III. Legal Scholarship: Moving from a Philosophical Treatment of Indigenous Laws to a Practical, Problem-Solving Level
We believe that, for respectful and useful engagement to occur, the law in Indigenous legal traditions must be treated substantively as law—to be debated, applied, interpreted, argued, analyzed, criticized, and changed. As with other law, Indigenous law may be approached philosophically. Unlike many other laws, there has been precious little space for any other kinds of approaches for a very long time, due to the pervasive and destructive myths of colonialism and the forcible invalidation of Indigenous laws by colonial actors. While space to consider Indigenous laws within the colonial state has expanded in recent years, it remains extremely limited beyond descriptive accounts of isolated practices or oversimplified pan-Indigenous explanations, often couched in terms of “values” or “worldviews”. This creates an intellectual and pedagogical deficit that can stymie even the most well-intended work. If Indigenous law is going to find traction in today’s world, it has to have user-friendly “handles”. These handles, or ways in, will enable Indigenous peoples to grapple with their legal norms and principles, in order to lawfully solve problems and collectively manage themselves. Law is actually created through serious and sustained engagement with it. By the same token, arguably, a lack of serious and sustained engagement will cause law to lose its legality and legitimacy.
Indigenous people themselves may have had to use language other than law to describe what are, in fact, legal practices, when operating in the small spaces permitted by state actors who were unable or unwilling to recognize their legality. Indigenous law, however, is not just belief, behaviour, morality, or a way of being—rather, it is a public, reasoned, and transparent process that people can actually use in real life. Indigenous law is much more than just aspirational or philosophical. Consider the broad aspirational principles that are enshrined in the Canadian Charter of Rights and Freedoms, such as freedom of expression or equality. These broad principles may sound great, but they are not terribly useful without the established legal reasoning process in Canadian law to determine whether and how the Charter’s broad legal principles might be applied to specific human relationships or conflicts in real life. Similarly, while there are certainly broad aspirational legal principles in Indigenous legal traditions, these principles demand legal reasoning processes to determine how they apply to the ongoing “struggles of social practice” and how we treat one another. This kind of substantive work has been absent, and must be undertaken today—articulating and strengthening those legal processes that are the very conditions of law.

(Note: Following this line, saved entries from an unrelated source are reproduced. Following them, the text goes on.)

(* Let $S$ be a functional PTS specification. For any $\lambda\Pi/S$ context $\Gamma$ and any $\Gamma$-term $M$ of $\lambda\Pi/S$ (i.e. $\mathrm{WF}_{\lambda\Pi/S}(\Gamma)$ and $\Gamma\vdash_{\lambda\Pi/S}M:A$ for some $A$), there is a term $M^-$ of $\lambda\Pi^-/S$ such that $M\longrightarrow_\beta^* M^-$.
   Context: $\lambda\Pi$ is the PTS with sorts $\mathsf{Type},\mathsf{Kind}$, axiom $\mathsf{Type}:\mathsf{Kind}$ and rules $(\mathsf{Type},\mathsf{Type}),(\mathsf{Type},\mathsf{Kind})$ (terms $s\mid x\mid M\,N\mid\lambda x:A.M\mid\Pi x:A.B$, standard PTS typing rules). Given a well-formed $\lambda\Pi$ context $\Sigma$ and rewrite rules $R$, $\lambda\Pi/(\Sigma,R)$ has the $\lambda\Pi$ typing rules except that variables may also be declared in $\Sigma$ (and new declarations must avoid $\Sigma$) and conversion is modulo $\equiv_{\beta R}$, the congruence generated by $\beta$-reduction and the rewrite rules. For a PTS specification $S=(\mathcal S,\mathcal A,\mathcal R)$, $\lambda\Pi/S=\lambda\Pi/(\Sigma_S,R_S)$ where $\Sigma_S$ declares $u_s:\mathsf{Type}$, $\varepsilon_s:u_s\to\mathsf{Type}$ ($s\in\mathcal S$), $\dot s_1:u_{s_2}$ ($(s_1:s_2)\in\mathcal A$), $\dot\pi_{s_1s_2s_3}:\Pi\alpha:u_{s_1}.(\varepsilon_{s_1}\alpha\to u_{s_2})\to u_{s_3}$ ($(s_1,s_2,s_3)\in\mathcal R$), and $R_S$ consists of $\varepsilon_{s_2}\dot s_1\leadsto u_{s_1}$ for $(s_1:s_2)\in\mathcal A$ and $\varepsilon_{s_3}(\dot\pi_{s_1s_2s_3}AB)\leadsto\Pi x:\varepsilon_{s_1}A.\,\varepsilon_{s_2}(B\,x)$ for $(s_1,s_2,s_3)\in\mathcal R$. A $\Gamma$-term $P$ of type $C$ is at the level of $\mathsf{Kind}$ if $\Gamma\vdash C:\mathsf{Kind}$. A $\mathsf{Kind}$-level $\beta$-redex is a subterm $(\lambda x:B.C)\,P$ at the level of $\mathsf{Kind}$ (in its typing context). The $\lambda\Pi^-/S$ terms are the well-typed $\lambda\Pi/S$ terms that contain no $\mathsf{Kind}$-level $\beta$-redex. *)

From Stdlib Require Import List Arith Relations.
Import ListNotations.

Section LambdaPiModulo.

(* A PTS specification S = (sorts, axioms, rules). *)
Variable srt : Type.
Variable ax : srt -> srt -> Prop.
Variable rl : srt -> srt -> srt -> Prop.

Definition functional_spec : Prop :=
  (forall s1 s2 s2', ax s1 s2 -> ax s1 s2' -> s2 = s2') /\
  (forall s1 s2 s3 s3', rl s1 s2 s3 -> rl s1 s2 s3' -> s3 = s3').

Inductive const : Type :=
| Cu (s : srt)
| Ceps (s : srt)
| Cdot (s1 s2 : srt)
| Cpi (s1 s2 s3 : srt).

Inductive term : Type :=
| tType
| tKind
| tVar (n : nat)
| tConst (c : const)
| tApp (M N : term)
| tLam (A M : term)
| tPi (A B : term).
Lemma up_log_ln (R : realType) n : (2 < n)%N ->
  (up_log 2 n).-1%:R * ln (2 : R) <= ln (n%:R : R).
Proof.
move=> n_gt2; have lt_n : (2 ^ (up_log 2 n).-1 < n)%N by apply: up_log_gtn => //; lia.
rewrite mulr_natl -lnXn // ler_ln ?posrE ?exprn_gt0 ?ltr0n //; last by lia.
by rewrite -natrX ler_nat ltnW.
Qed.

Theorem theorem18 (R : realType) :
  exists (C : R) (N : nat), forall n : nat,
    (0 < n)%N -> ~~ odd n -> (N <= n)%N ->
    (unbiased_bbc R n 2 <= (C * n%:R * ln (n%:R : R))%:E)%E.
Proof.
exists (100 / ln 2), 3%N => n _ n_even n_ge3.
have ln2_gt0 : 0 < ln (2 : R) by rewrite ln_gt0 // ltr1n.
apply: le_trans (ereal_inf_lbound _) _.
  by exists (dlb_algo R n) => //; apply: dlb_algo_unbiased.
apply: le_trans (expected_runtime_dlb_algo R n_even) _; rewrite lee_fin.
apply: le_trans (_ : (100 * n * (up_log 2 n).-1)%:R <= _).
  by rewrite ler_nat initial_potential_le.
have -> : 100 / ln 2 * n%:R * ln n%:R = 100 * n%:R * (ln n%:R / ln (2 : R)).
  by field; rewrite gt_eqF.
rewrite !natrM ler_wpM2l ?mulr_ge0 ?ler0n //.
by rewrite ler_pdivlMr // up_log_ln.
Qed.
Lemma sexp_add f g : sexp (f +s g) = sexp f *s sexp g.
Proof.
  fext. rewrite (sexp_partial _ (m + n)), snocst_add, exp_partial_add
    by (apply vanishes_below_snocst || lia).
  unfold sadd at 1. rewrite exp_plus.
  unfold smul. rewrite !sum_mul_R. apply sum_eq; intros i Hi.
  rewrite !sum_mul_R. apply sum_eq; intros k Hk.
  rewrite (sexp_partial f (m + n)), (sexp_partial g (m + n)) by lia. ring.
Qed.

Lemma sexp_const c : sexp (sconst c) = sconst (exp c).
Proof.
  assert (Hsn : snocst (sconst c) = szero) by (fext; destruct m, n; reflexivity).
  assert (Hpow : forall k, spow szero (S k) = szero) by (intros; simpl; ring).
  fext. unfold sexp. rewrite Hsn.
  rewrite (sum_single_R _ _ O)
    by (lia || (intros [|i] _ Hi; [lia|rewrite Hpow; unfold szero, Rdiv; ring])).
  simpl. destruct m, n; simpl; field.
Qed.

Lemma sexp_inv f : sexp f *s sexp (sopp f) = sone.
Proof.
  rewrite <- sexp_add. replace (f +s sopp f) with (sconst 0) by (rewrite <- szero_const; ring).
  rewrite sexp_const, exp_0. reflexivity.
Qed.

Lemma sexp_inv' f : sexp (sopp f) *s sexp f = sone.
Proof. rewrite <- (sexp_inv f). ring. Qed.

Lemma sexp_coef_X f : sexp f 1%nat O = exp (f O O) * f 1%nat O.
Proof. unfold sexp. simpl. f_equal. unfold smul. simpl. field. Qed.

Definition xonly (f : ser) : Prop := forall m n, n <> O -> f m n = 0.

Lemma xonly_mul f g : xonly f -> xonly g -> xonly (f *s g).
Proof.
  intros Hf Hg m n Hn. unfold smul. apply sum_zero_R; intros i Hi. apply sum_zero_R; intros [|k] Hk.
  - rewrite (Hg (m - i)%nat) by lia. ring.
  - rewrite Hf by lia. ring.
Qed.

Lemma xonly_add f g : xonly f -> xonly g -> xonly (f +s g).
Proof. intros Hf Hg m n Hn. unfold sadd. rewrite Hf, Hg by auto. ring. Qed.

Lemma xonly_sub f g : xonly f -> xonly g -> xonly (f -s g).
Proof. intros Hf Hg m n Hn. unfold ssub. rewrite Hf, Hg by auto. ring. Qed.

Lemma xonly_opp f : xonly f -> xonly (sopp f).
Proof. intros Hf m n Hn. unfold sopp. rewrite Hf by auto. ring. Qed.

Lemma xonly_const c : xonly (sconst c).
Proof. intros [|m] [|n] Hn; try lia; reflexivity. Qed.

Lemma xonly_X : xonly sX.
Proof. intros [|[|m]] [|n] Hn; try lia; reflexivity. Qed.

Lemma xonly_inX a : xonly (inX a).
Proof. intros m [|n] Hn; [lia|reflexivity]. Qed.

Lemma xonly_exp f : xonly f -> xonly (sexp f).
Proof.
  intros Hf.
  assert (Hpow : forall p, xonly (spow (snocst f) p)).
  { intros p; induction p as [|p IH]; [apply xonly_const|apply xonly_mul; auto].
    intros [|a] [|b] Hb; try lia; apply Hf; auto. }
  intros m n Hn. unfold sexp. rewrite sum_zero_R; [ring|]. intros k _.
  rewrite Hpow by auto. unfold Rdiv; ring.
Qed.

Definition sswap (f : ser) : ser := fun m n => f n m.

Lemma sswap_mul f g : sswap (f *s g) = sswap f *s sswap g.
Proof.
  fext. unfold sswap, smul. rewrite <- !gsum_R.
  rewrite (gsum_ext _ _ _ (fun i => gsum Rplus (fun k => f i k * g (n - i)%nat (m - k)%nat) m))
    by (intros; apply eq_sym, gsum_R).
  rewrite (gsum_swap _ _ _ _ _ R_semi_ring). apply gsum_ext; intros. apply gsum_R.
Qed.

Lemma sswap_pow g k : sswap (spow g k) = spow (sswap g) k.
Proof.
  induction k as [|k IH]; simpl.
  - fext. unfold sswap. destruct m, n; reflexivity.
  - rewrite sswap_mul, IH. reflexivity.
Qed.

Lemma sswap_exp f : sswap (sexp f) = sexp (sswap f).
Proof.
  assert (Hsn : snocst (sswap f) = sswap (snocst f)) by (fext; unfold sswap; destruct m, n; reflexivity).
  fext. unfold sexp, sswap at 1. rewrite Nat.add_comm, Hsn.
  f_equal. apply sum_eq; intros. rewrite <- sswap_pow. reflexivity.
Qed.

Lemma sswap_add f g : sswap (f +s g) = sswap f +s sswap g.
Proof. reflexivity. Qed.

Lemma sswap_sub f g : sswap (f -s g) = sswap f -s sswap g.
Proof. reflexivity. Qed.

Lemma sswap_opp f : sswap (sopp f) = sopp (sswap f).
Proof. reflexivity. Qed.

Lemma sswap_const c : sswap (sconst c) = sconst c.
Proof. fext. unfold sswap. destruct m, n; reflexivity. Qed.

Lemma sswap_X : sswap sX = sY.
Proof. fext. unfold sswap. destruct m as [|[|]], n as [|[|]]; reflexivity. Qed.

Lemma sswap_DX j fam l : sswap (DX j fam l) = DY j fam l.
Proof. reflexivity. Qed.

Lemma sswap_C j l : sswap (C j l) = C j l.
Proof. apply sswap_const. Qed.

(* A series h(X) in X alone satisfies Y h(X) = X h(Y) exactly when it is a
   multiple of X: comparing coefficients of X^m Y shows h_m = 0 for m <> 1. *)
Lemma xonly_symmetric_iff h :
  xonly h -> (sY *s h = sX *s sswap h <-> h = sX *s sconst (h 1%nat O)).
Proof.
  intros Hx. split; intros H.
  - fext. rewrite smul_X_l.
    destruct n as [|n].
    2:{ rewrite Hx by lia. destruct m as [|[|m]]; reflexivity. }
    assert (H1 := f_equal (fun f => f m 1%nat) H). simpl in H1.
    rewrite smul_Y_l, smul_X_l in H1. rewrite H1.
    destruct m as [|[|m]]; [reflexivity|reflexivity|]. unfold sswap. apply Hx. lia.
  - rewrite H, sswap_mul, sswap_X, sswap_const. ring.
Qed.

(* The known
   equation (shape of dH1b) is (Y - X) Q = (Y A - X A') + XY (Y - X) kr V V' Q, the
   other one (shape of dH1a) is the same with A, kr V replaced by B, ks U; the
   primed series are the Y-versions, and A U = B V = 1.  With W = 1 - XY kr V V'
   and Z = 1 - XY ks U U' they read (Y - X) Q W = Y A - X A' and
   (Y - X) Q Z = Y B - X B'; the cross-combination below eliminates Q. *)
Lemma pair_identity (A A' B B' U U' V V' ks kr : ser) :
  A *s U = sone -> A' *s U' = sone -> B *s V = sone -> B' *s V' = sone ->
  (sY *s A -s sX *s A') *s (sone -s sX *s (sY *s ks *s U *s U'))
    -s (sY *s B -s sX *s B') *s (sone -s sX *s (sY *s kr *s V *s V')) =
  sY *s ((A -s B) +s sX *s (sX *s (ks *s U -s kr *s V))) -s
  sX *s ((A' -s B') +s sY *s (sY *s (ks *s U' -s kr *s V'))).
Proof.
  intros HA HA' HB HB'.
  transitivity (sY *s ((A -s B) +s sX *s (sX *s (ks *s U -s kr *s V))) -s
     sX *s ((A' -s B') +s sY *s (sY *s (ks *s U' -s kr *s V'))) -s
     sX *s sY *s sY *s ks *s U' *s (A *s U -s sone) +s sX *s sX *s sY *s ks *s U *s (A' *s U' -s sone)
     +s sX *s sY *s sY *s kr *s V' *s (B *s V -s sone) -s sX *s sX *s sY *s kr *s V *s (B' *s V' -s sone));
    [ring|].
  rewrite HA, HA', HB, HB'. ring.
Qed.

Lemma pair_equation_iff (Q A A' B B' U U' V V' ks kr : ser) :
  A *s U = sone -> A' *s U' = sone -> B *s V = sone -> B' *s V' = sone ->
  (sY -s sX) *s Q = (sY *s A -s sX *s A') +s sX *s sY *s (sY -s sX) *s (kr *s V *s V' *s Q) ->
  ((sY -s sX) *s Q = (sY *s B -s sX *s B') +s sX *s sY *s (sY -s sX) *s (ks *s U *s U' *s Q) <->
   sY *s ((A -s B) +s sX *s (sX *s (ks *s U -s kr *s V))) =
   sX *s ((A' -s B') +s sY *s (sY *s (ks *s U' -s kr *s V')))).
Proof.
  intros HA HA' HB HB' Hb.
  pose proof (pair_identity A A' B B' U U' V V' ks kr HA HA' HB HB') as Iden.
  set (W := sone -s sX *s (sY *s kr *s V *s V')) in Iden.
  set (Z := sone -s sX *s (sY *s ks *s U *s U')) in Iden.
  set (h := (A -s B) +s sX *s (sX *s (ks *s U -s kr *s V))) in *.
  set (h' := (A' -s B') +s sY *s (sY *s (ks *s U' -s kr *s V'))) in *.
  assert (HbW : (sY -s sX) *s Q *s W = sY *s A -s sX *s A').
  { transitivity ((sY -s sX) *s Q -s sX *s sY *s (sY -s sX) *s (kr *s V *s V' *s Q));
      [unfold W; ring|]. rewrite Hb. ring. }
  assert (HaZ : (sY -s sX) *s Q = (sY *s B -s sX *s B') +s sX *s sY *s (sY -s sX) *s (ks *s U *s U' *s Q)
             <-> (sY -s sX) *s Q *s Z = sY *s B -s sX *s B').
  { unfold Z. split; intros H.
    - transitivity ((sY -s sX) *s Q -s sX *s sY *s (sY -s sX) *s (ks *s U *s U' *s Q)); [ring|].
      rewrite H. ring.
    - transitivity ((sY -s sX) *s Q *s (sone -s sX *s (sY *s ks *s U *s U'))
        +s sX *s sY *s (sY -s sX) *s (ks *s U *s U' *s Q)); [ring|]. rewrite H. ring. }
  rewrite HaZ. split; intros H.
  - transitivity (sY *s h -s sX *s h' +s sX *s h'); [ring|].
    rewrite <- Iden, <- HbW, <- H. ring.
  - (* W is cancellable, and W ((Y - X) Q Z) = W (Y B - X B') by the identity. *)
    apply (cancel_1mX (sY *s kr *s V *s V')). fold W.
    transitivity ((sY *s A -s sX *s A') *s Z -s (sY *s B -s sX *s B') *s W
                  +s W *s (sY *s B -s sX *s B')); [rewrite <- HbW; ring|].
    rewrite Iden, H. ring.
Qed.

Definition pair_residual (A B U V ks kr : ser) : ser :=
  (A -s B) +s sX *s (sX *s (ks *s U -s kr *s V)).

(* When all data are series in X, the Y-versions are their swaps, and the
   coupling constants are symmetric, the "a"-equation becomes the statement that
   the residual is a multiple of X: this is the shape of (dH1c) and (dH2c). *)
Lemma pair_reduction (Q A B U V ks kr : ser) :
  xonly A -> xonly B -> xonly U -> xonly V -> xonly ks -> xonly kr ->
  sswap ks = ks -> sswap kr = kr -> A *s U = sone -> B *s V = sone ->
  (sY -s sX) *s Q = (sY *s A -s sX *s sswap A)
                     +s sX *s sY *s (sY -s sX) *s (kr *s V *s sswap V *s Q) ->
  ((sY -s sX) *s Q = (sY *s B -s sX *s sswap B)
                      +s sX *s sY *s (sY -s sX) *s (ks *s U *s sswap U *s Q) <->
   pair_residual A B U V ks kr = sX *s sconst (pair_residual A B U V ks kr 1%nat O)).
Proof.
  intros HxA HxB HxU HxV Hxks Hxkr Hsks Hskr HA HB Hb.
  assert (Hswap_inv : forall P R, P *s R = sone -> sswap P *s sswap R = sone).
  { intros P R H. rewrite <- sswap_mul, H. fext. unfold sswap. destruct m, n; reflexivity. }
  rewrite (pair_equation_iff Q A (sswap A) B (sswap B) U (sswap U) V (sswap V) ks kr)
    by auto.
  rewrite <- xonly_symmetric_iff.
  - unfold pair_residual. rewrite sswap_add, !sswap_sub, !sswap_mul, !sswap_sub, !sswap_mul,
      sswap_X, Hsks, Hskr. apply iff_refl.
  - unfold pair_residual.
    repeat (apply xonly_sub || apply xonly_add || apply xonly_mul || apply xonly_X); auto.
Qed.

(* The series are exponentials at one
   point: xs, xr = e^{-D(X) F_s}, e^{-D(X) F_r} (t-flows, variable X), ps, pr =
   e^{-Dbar(Y) F_s}, e^{-Dbar(Y) F_r} (tbar-flows, variable Y), cs, cr = e^{F_ss},
   e^{F_rr}, e = e^{F_rs}, and primes denote inverses.  Writing (dH3b) as
   Q W = Rb and (dH3a) as Q Z = L, the combination Rb Z - L W equals, up to the
   unit ps', X h2(Y) - Y e' h1(X) with h1, h2 the (dH1c)-, (dH2c)-residuals. *)
Lemma mixed_identity (xs xs' xr xr' ps ps' pr pr' cs cr e e' : ser) :
  xs *s xs' = sone -> xr *s xr' = sone -> ps *s ps' = sone -> pr *s pr' = sone ->
  e *s e' = sone ->
  ps' *s ((sone -s sX *s (sY *s cs *s xs' *s ps)) *s (sX -s sY *s xs *s ps *s e')
          -s (sX *s pr *s ps -s sY *s xr *s ps *s e') *s (sone -s sX *s (sY *s cr *s xr' *s pr'))) =
  sX *s ((ps' -s pr) +s sY *s (sY *s (e' *s cs *s ps -s cr *s e' *s pr'))) -s
  sY *s e' *s ((xs -s xr) +s sX *s (sX *s (e *s cs *s xs' -s cr *s e *s xr'))).
Proof.
  intros Hxs Hxr Hps Hpr He.
  transitivity (
    sX *s ((ps' -s pr) +s sY *s (sY *s (e' *s cs *s ps -s cr *s e' *s pr'))) -s
    sY *s e' *s ((xs -s xr) +s sX *s (sX *s (e *s cs *s xs' -s cr *s e *s xr')))
    -s sY *s xs *s e' *s (ps *s ps' -s sone)
    -s sX *s sX *s sY *s cs *s xs' *s ((ps *s ps' -s sone) -s (e' *s e -s sone))
    +s sX *s sY *s sY *s cs *s ps *s e' *s (xs' *s xs *s (ps *s ps' -s sone) +s (xs' *s xs -s sone))
    -s sX *s pr *s (ps *s ps' -s sone)
    +s sY *s xr *s e' *s (ps *s ps' -s sone)
    +s sX *s sX *s sY *s cr *s xr' *s
       (pr' *s pr *s (ps *s ps' -s sone) +s (pr' *s pr -s sone) -s (e' *s e -s sone))
    -s sX *s sY *s sY *s cr *s pr' *s e' *s
       (xr' *s xr *s (ps *s ps' -s sone) +s (xr' *s xr -s sone))); [ring|].
  replace (xs' *s xs) with sone by (rewrite <- Hxs; ring).
  replace (e' *s e) with sone by (rewrite <- He; ring).
  replace (pr' *s pr) with sone by (rewrite <- Hpr; ring).
  replace (xr' *s xr) with sone by (rewrite <- Hxr; ring).
  rewrite Hps. ring.
Qed.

This is a crucial point, because, while there is no question that Indigenous laws have been passed on through generations, we are not starting from a neutral spot, where Indigenous legal traditions are completely intact, left magically untouched by hundreds of years of colonialism. The task of greater recognition and use of Indigenous laws in Canada requires more than simply uncovering pristine laws in protective bubbles to isolate them from the damages of colonization. It is not an exercise in legal archaeology. Colonialism has disrupted Indigenous laws, legal pedagogies, and historic means of legitimization and promulgation. Today’s work is about recovering and then taking up an interrupted, intergenerational conversation, with all its complexities and tensions. For many reasons, Indigenous people, as well as non-Indigenous people, are now seeking ways to better access and understand Indigenous laws. We would do a disservice by ignoring this expressed need. If Indigenous people cannot use Indigenous law, that is, if people cannot reason with it and apply it to the messy and mundane, then it will continue to be talked about only in an idealized way or as a rhetorical critique of Canadian law—arguably a backhanded twist of colonization that would render Indigenous law useless. As long as Indigenous laws are not accessible or usable, in a crunch, by default, both Indigenous and non-Indigenous people in Canada will turn to state law to resolve disputes. This inaccessibility perpetuates the colonial process of undermining and obscuring Indigenous legal traditions.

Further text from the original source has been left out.